The Ideal School Supply List for September

With back-to-school, the number one request I get is around school supplies – what to buy? There is really no one product that does it all for students, but often, the biggest mistake parents and students make when buying school supplies is purchasing supplies that make organization too complicated because there are too many pieces to track down. Students will often come to see us totally overwhelmed, and we quickly find they have at least two or three different places they use to access and store information for each class. If they have six or seven classes, that is a recipe for disaster come November or March.

My biggest tip in purchasing organization supplies is help them consolidate, so that if they went to the library with the binder and textbook (or tablet or computer, if they are at a one-to-one school) they would have everything they need for the class in one place.
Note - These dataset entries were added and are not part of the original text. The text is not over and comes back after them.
(* Let $n\ge2$ and let $X,Y$ be identically distributed random variables taking values in $\{x_1,\dots,x_n\}$ with $x_1<\dots<x_n$, each value with positive probability. Let $P=(p_{ij})_{n\times n}$ with $p_{ij}=\mathbb P(X=x_i,Y=x_j)$, $\mathbf p=P\mathbf 1_n=(p_1,\dots,p_n)^\top$ and $D=\mathrm{diag}(\mathbf p)$. Then for $r\in[-1,1]$, $(X,Y)\in\mathrm{IC}_r$ if and only if $$\frac{P+P^\top}{2}=rD+(1-r)\mathbf p\mathbf p^\top.$$ Furthermore, in this case $\underline r_{\mathbf p}\le r\le1$, where $$\underline r_{\mathbf p}=\max\Big(\max_{j\in[n]}\Big(-\frac{p_j}{1-p_j}\Big),\ \max_{i,j\in[n],\,i\ne j}\Big(1-\frac1{p_ip_j}\Big)\Big).$$
   Context: $(X,Y)\in\mathrm{IC}_r$ means $\mathrm{Corr}(X,Y)=\mathrm{Corr}(g(X),g(Y))=r$ for every measurable $g:\mathbb R\to\mathbb R$ such that $g(X),g(Y)$ are non-degenerate with finite variance. (Equivalently the condition says $(X,Y)$ is quasi-$r$-Fréchet.) *)

From HB Require Import structures.
From mathcomp Require Import all_boot all_order all_algebra.
From mathcomp Require Import all_classical all_reals all_analysis.
Set Implicit Arguments. Unset Strict Implicit. Unset Printing Implicit Defensive.
Import Order.TTheory GRing.Theory Num.Theory.
Local Open Scope classical_set_scope.
Local Open Scope ring_scope.

Section Defs.
Context {R : realType} {d : measure_display} {T : measurableType d}
  (P : probability T R).

Definition corr (U V : T -> R) : R :=
  fine (covariance P U V) / Num.sqrt (fine ('V_P[U]) * fine ('V_P[V])).

Definition finite_variance (U : T -> R) : Prop := U \in Lfun P 2%:E.

Definition nondegenerate (U : T -> R) : Prop := (0 < 'V_P[U])%E.

Definition IC (X Y : T -> R) (r : R) : Prop :=
  corr X Y = r /\
  forall g : R -> R, measurable_fun setT g ->
    finite_variance (g \o X) -> finite_variance (g \o Y) ->
    nondegenerate (g \o X) -> nondegenerate (g \o Y) ->
    corr (g \o X) (g \o Y) = r.
Lemma admissible_poibin (m : nat) (p : 'I_m -> R) :
  (forall i, 0 <= p i <= 1) -> admissible (poibin p).
Proof.
elim: m p => [|m IH] p hp.
  have -> : poibin p = delta by apply: functional_extensionality => k; rewrite poibin_nil.
  exact: admissible_delta.
have -> : poibin p = bern_conv (1 - p ord0) (p ord0) (poibin (fun j => p (lift ord0 j))).
  by apply: functional_extensionality => k; rewrite poibin_rec.
have /andP[p0 p1] := hp ord0.
by apply: admissible_bern_conv; rewrite ?subr_ge0 //; apply: IH.
Qed.

(* The six inequalities on the window around 0: the first three are forms of
   the invariant (the third on the reflection), the next two add the minor
   with rows and columns 0, 1, 2, and the last is the second mixed coefficient
   of form1 on the reflected window around 1. *)
Lemma admissible_ineqs h : admissible h ->
  0 <= h 0 ^+ 2 * h 1 - 2 * h 1 ^+ 2 * h (-1) + h 2 * h 0 * h (-1) /\
  0 <= h 0 ^+ 3 - h (-1) * h 0 * h 1 - h (-1) ^+ 2 * h 2 + h (-2) * h 0 * h 2 /\
  0 <= h 0 ^+ 3 - h (-1) * h 0 * h 1 - h 1 ^+ 2 * h (-2) + h (-2) * h 0 * h 2 /\
  0 <= 2 * h 0 ^+ 3 - 3 * h (-1) * h 0 * h 1 + h (-1) ^+ 2 * h 2 /\
  0 <= 2 * h 0 ^+ 3 - 3 * h (-1) * h 0 * h 1 + h 1 ^+ 2 * h (-2) /\
  0 <= 2 * h 0 ^+ 2 * h (-2) - 3 * h (-2) * h (-1) * h 1 + h 1 * h 0 * h (-3).
Proof.
move=> Hh.
have D : 0 <= minor3 h 0 1 2 0 1 2 by apply: (adm_PF3 Hh).
have M := form1_win_mix2_ge0 (admissible_shift 1 (admissible_rev Hh)).
move: (adm_form1 Hh 0) (adm_form2 Hh 0) (adm_form2_rev Hh 0) D M.
rewrite /form1_win /form2_win /form1 /form2 /form1_mix2 /minor3 /det3 /shift /rev.
set t := h (-3); set s := h (-2); set u := h (-1); set v := h 0; set w := h 1; set z := h 2.
by move=> F1 F2 F3 D M; do 5![split; first lra]; lra.
Qed.

End PoissonBinomialInequalities.

Theorem corollaryA3 (R : realFieldType) (m : nat) (hm : (1 <= m)%N)
    (p : 'I_m -> R) (hp : forall i, 0 <= p i <= 1) (k : int) :
  let g := poibin p in
  0 <= g k ^+ 2 * g (k + 1) - 2 * g (k + 1) ^+ 2 * g (k - 1)
             + g (k + 2) * g k * g (k - 1) /\
      0 <= g k ^+ 3 - g (k - 1) * g k * g (k + 1) - g (k - 1) ^+ 2 * g (k + 2)
             + g (k - 2) * g k * g (k + 2) /\
      0 <= g k ^+ 3 - g (k - 1) * g k * g (k + 1) - g (k + 1) ^+ 2 * g (k - 2)
             + g (k - 2) * g k * g (k + 2) /\
      0 <= 2 * g k ^+ 3 - 3 * g (k - 1) * g k * g (k + 1)
             + g (k - 1) ^+ 2 * g (k + 2) /\
      0 <= 2 * g k ^+ 3 - 3 * g (k - 1) * g k * g (k + 1)
             + g (k + 1) ^+ 2 * g (k - 2) /\
      0 <= 2 * g k ^+ 2 * g (k - 2) - 3 * g (k - 2) * g (k - 1) * g (k + 1)
             + g (k + 1) * g k * g (k - 3).
Proof.
move=> g.
have := admissible_ineqs (admissible_shift k (admissible_poibin hp)).
by rewrite /shift addr0.
Qed.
The supplies I encourage students and parents to purchase are fairly simple. I find that simple (and relatively inexpensive) supplies help make it easier for a student to create and maintain a workable organization system. And, if and when they get off track (and inevitably, it happens!), it’s easier for students to regroup and get back on track. I give links below so you could see what I refer to:

Binders – I recommend hardback, 1″ to 1 1/2″ binders without a lot of the excess accouterments – your child does not need a pocket in the front, because the goal should be everything is filed away in the binder rather than stuffed in the front pocket – I get the view ones so kids can slide in a cover sheet on the front and decorate for each class.
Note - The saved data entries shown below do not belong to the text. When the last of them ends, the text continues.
(* The last two words of a longer tower cannot both leave the ideal realised,
   so one of them lies in a lighter ideal, and induction applies to the prefix. *)
Lemma alternating_size_le F ws : alternating ws ->
  (forall i, i < size ws -> in_ideal F (nth [::] ws i)) -> size ws <= (weight n F).+1.
Proof.
have [N] := ubnP (weight n F); elim: N F ws => // N IH F ws /ltnSE wF alt wsF.
have depth_of b : depth_le (nfa_of b) n by case: b.
have lighter_or_full t : t < size ws ->
    t.+1 <= weight n F \/ full_in (lang (nfa_of (odd t.+1))) F.
  move=> tws; have [[G tG wG] | ] := refine_ideal_lang (depth_of _) (alt.2 t tws) (wsF t tws);
    last by right.
  have prefixG i : i < size (take t.+1 ws) -> in_ideal G (nth [::] (take t.+1 ws) i).
    rewrite size_takel // => it; rewrite nth_take //.
    by apply: in_ideal_subseq tG (alternating_subseq alt _); rewrite -ltnS it.
  have := IH G _ (leq_trans wG wF) (@alternating_take t.+1 ws alt) prefixG.
  by rewrite size_takel // => t_le; left; apply: leq_trans t_le wG.
have [ws_le1 | ws_gt1] := leqP (size ws) 1; first exact: leq_trans ws_le1 _.
have [r Ews] : exists r, size ws = r.+2 by exists (size ws).-2; lia.
have r_lt : r.+1 < size ws by rewrite Ews.
have [|full_r] := lighter_or_full r (ltnW r_lt); first by rewrite Ews.
have [|full_r1] := lighter_or_full r.+1 r_lt; first by rewrite Ews => /ltnW.
case: no_infinite_tower; move: full_r full_r1 => /=.
case: (odd r) => /= full_r full_r1.
  exact: full_in_infinite_tower full_r full_r1.
exact: full_in_infinite_tower full_r1 full_r.
Qed.

End Towers.

Theorem theorem7 (Sigma : finType) (m n : nat) (A0 A1 : nfa Sigma) :
  #|Sigma| = m ->
  no_useless_states A0 -> no_useless_states A1 ->
  depth_le A0 n -> depth_le A1 n ->
  ~ (exists f : nat -> seq Sigma,
       infinite_tower (lang A0) (lang A1) f) ->
  forall ws : seq (seq Sigma),
    tower (lang A0) (lang A1) ws ->
    (forall i, 0 < i <= size ws ->
       nth [::] ws i.-1 \in (if odd i then lang A1 else lang A0)) ->
    size ws <= \sum_(k < m.+1) n ^ k.
Proof.
(* Useless states do no harm: the depth bound constrains every simple path. *)
move=> card_Sigma _ _ depth_A0 depth_A1 no_tower ws [_ ws_tower] ws_lang.
have alt : alternating A0 A1 ws.
  split=> [i /ws_tower [] // | i i_lt].
  by have := ws_lang i.+1; rewrite i_lt; case: (odd i.+1) => /(_ isT).
have := alternating_size_le depth_A0 depth_A1 no_tower alt (fun i _ => in_ideal_setT _).
by rewrite /weight /= addn0 cardsT card_Sigma star_weight_geometric.
Qed.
Dividers – 5 to 7 tab dividers, I find the ones where students slide in the tab work best (younger students might need help sliding those in). Have them create different sections for notes, homework, handouts, test/quizzes, and paper – or whatever the teacher recommends.

Reinforced binder paper I encourage students to use reinforced binder paper for their classes rather than spiral notebooks. It makes it easier to get back on track if they forget something for a day, and ideally all the papers are kept in their binder.
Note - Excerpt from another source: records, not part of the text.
(* Let $c>0$ and let $\{\alpha_t\}_{t\ge1}$ be a sequence of nonnegative reals with $c\alpha_t/4\le1$ for all $t$. Consider the sequences defined by $$\theta_{t+1}=\theta_t+\alpha_t\frac{1}{1+\exp(c\theta_t)},\qquad \theta'_{t+1}=\theta'_t+\alpha_t\frac{1}{1+\exp(c\theta'_t)}.$$ If $\theta_1-\theta'_1\ge0$, then for every $t\ge1$, $$\theta_t-\theta'_t\ge(\theta_1-\theta'_1)\prod_{i=1}^{t-1}\Big(1-\frac{c\alpha_i}{4}\Big).$$ *)

From Stdlib Require Import Reals Lra.
Open Scope R_scope.

Fixpoint prod_from1 (f : nat -> R) (n : nat) : R :=
  match n with
  | O => 1
  | S m => prod_from1 f m * f (S m)
  end.

(** The map [x |-> x + a g x], with [g x = 1 / (1 + exp (c x))], has derivative
    [1 + a g'(x) >= 1 - c a / 4], because [|g'| = c e / (1 + e)^2 <= c / 4]
    with [e = exp (c x)] (AM-GM: [4 e <= (1 + e)^2]).  One step of the
    recursion therefore shrinks a nonnegative gap [theta - theta'] by at most
    the factor [1 - c a / 4]; since this factor is nonnegative the gap stays
    nonnegative, and induction on [t] multiplies the factors. *)

From Stdlib Require Import Reals Lra Lia.
From Coquelicot Require Import Coquelicot.
Open Scope R_scope.

Lemma prod_from1_nonneg (f : nat -> R) (n : nat) :
  (forall i, (1 <= i <= n)%nat -> 0 <= f i) -> 0 <= prod_from1 f n.
Proof.
  induction n as [|n IHn]; intros hf; simpl; [lra|].
  apply Rmult_le_pos; [apply IHn; intros i hi|]; apply hf; lia.
Qed.

Lemma le_of_derive_nonneg (f df : R -> R) (a b : R) : a <= b ->
  (forall z, a <= z <= b -> derivable_pt_lim f z (df z)) ->
  (forall z, a <= z <= b -> 0 <= df z) ->
  f a <= f b.
Proof.
  intros hab hd hpos.
  destruct (Req_dec a b) as [<-|hne]; [lra|].
  destruct (MVT_cor2 f df a b ltac:(lra) hd) as [z [hz hzab]].
  assert (0 <= df z * (b - a)) by (apply Rmult_le_pos; [apply hpos|]; lra).
  lra.
Qed.

Section Logistic.

Variable c : R.
Hypothesis hc : 0 < c.

Definition logistic (x : R) : R := 1 / (1 + exp (c * x)).

Lemma logistic_slope_le (z : R) :
  c * exp (c * z) / (1 + exp (c * z)) ^ 2 <= c / 4.
Proof.
  set (e := exp (c * z)).
  assert (he : 0 < e) by apply exp_pos.
  assert (amgm : 4 * e <= (1 + e) ^ 2) by (pose proof (pow2_ge_0 (e - 1)); nra).
  apply Rmult_le_reg_r with ((1 + e) ^ 2); [nra|].
  unfold Rdiv. rewrite Rmult_assoc, Rinv_l by nra.
  nra.
Qed.

Lemma logistic_sub_ge (x y : R) : y <= x ->
  - (c / 4) * (x - y) <= logistic x - logistic y.
Proof.
  intros hxy.
  set (h := fun z => logistic z + c / 4 * z).
  assert (h y <= h x); [|unfold h in *; lra].
  apply le_of_derive_nonneg with
    (df := fun z => c / 4 - c * exp (c * z) / (1 + exp (c * z)) ^ 2); [lra| |].
  - intros z _. apply is_derive_Reals. unfold h, logistic.
    assert (0 < exp (c * z)) by apply exp_pos.
    auto_derive; [lra|field; lra].
  - intros z _. pose proof (logistic_slope_le z). lra.
Qed.

Lemma logistic_step_gap_ge (a x y : R) :
  0 <= a -> y <= x ->
  (1 - c * a / 4) * (x - y) <= (x + a * logistic x) - (y + a * logistic y).
Proof.
  intros ha hxy.
  pose proof (logistic_sub_ge x y hxy) as hsub.
  assert (a * (- (c / 4) * (x - y)) <= a * (logistic x - logistic y))
    by (apply Rmult_le_compat_l; lra).
  lra.
Qed.

End Logistic.

Theorem lemmaA3 (c : R) (alpha theta theta' : nat -> R)
  (hc : 0 < c)
  (halpha_nonneg : forall t : nat, (1 <= t)%nat -> 0 <= alpha t)
  (halpha_small : forall t : nat, (1 <= t)%nat -> c * alpha t / 4 <= 1)
  (htheta : forall t : nat, (1 <= t)%nat ->
     theta (S t) = theta t + alpha t * (1 / (1 + exp (c * theta t))))
  (htheta' : forall t : nat, (1 <= t)%nat ->
     theta' (S t) = theta' t + alpha t * (1 / (1 + exp (c * theta' t))))
  (hinit : 0 <= theta 1%nat - theta' 1%nat) :
  forall t : nat, (1 <= t)%nat ->
    theta t - theta' t >=
      (theta 1%nat - theta' 1%nat)
        * prod_from1 (fun i => 1 - c * alpha i / 4) (t - 1).
Proof.
  set (factor := fun i => 1 - c * alpha i / 4).
  assert (hfactor : forall i, (1 <= i)%nat -> 0 <= factor i).
  { intros i hi. pose proof (halpha_small i hi). unfold factor. lra. }
  assert (hgap : forall n, (theta 1%nat - theta' 1%nat) * prod_from1 factor n
                           <= theta (S n) - theta' (S n)).
  { induction n as [|n IHn]; simpl; [lra|].
    assert (hprod : 0 <= prod_from1 factor n)
      by (apply prod_from1_nonneg; intros i hi; apply hfactor; lia).
    assert (hnext := hfactor (S n) ltac:(lia)).
    assert (hstep := logistic_step_gap_ge c hc (alpha (S n)) (theta (S n)) (theta' (S n))
                       (halpha_nonneg (S n) ltac:(lia)) ltac:(nra)).
    rewrite (htheta (S n)), (htheta' (S n)) by lia.
    unfold logistic, factor in *.
    nra. }
  intros [|t] ht; [lia|].
  replace (S t - 1)%nat with t by lia.
  apply Rle_ge, hgap.
Qed.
Written planner – Many students (and adults) find that writing things down can be incredibly helpful in terms of prioritizing, and a written planner helps with the all in one place philosophy. I have students map out their week in terms of assignments, activities, appointments, homework time in order to help them plant the seed with ways they can be more organized. Some schools give planners out to students, but for those that don’t, I recommend ones with a day to a page so they have more room to write things down. Often, online systems aren’t as straightforward, or provide an unintended distraction – the minute a student goes online to “check the homework,” 30 to 45 minutes is lost doing other things. There are a lot to choose from, but I like this one from Paper Source the best.

Traveling hole puncher (and a good solid one for home) – The goal is to help students learn to hole punch all their papers and file them away, rather than stuff them in a folder where papers are more likely to pile up and get lost or crumpled.

Reinforcements – To try and avoid those constant tears that make pages fall out of binders…

Much of this comes down to patience and consistency – parents and students can buy the best supplies, but within a week everything can go back to normal if there isn’t a routine in place to help build habits, regroup, and create a workable routine.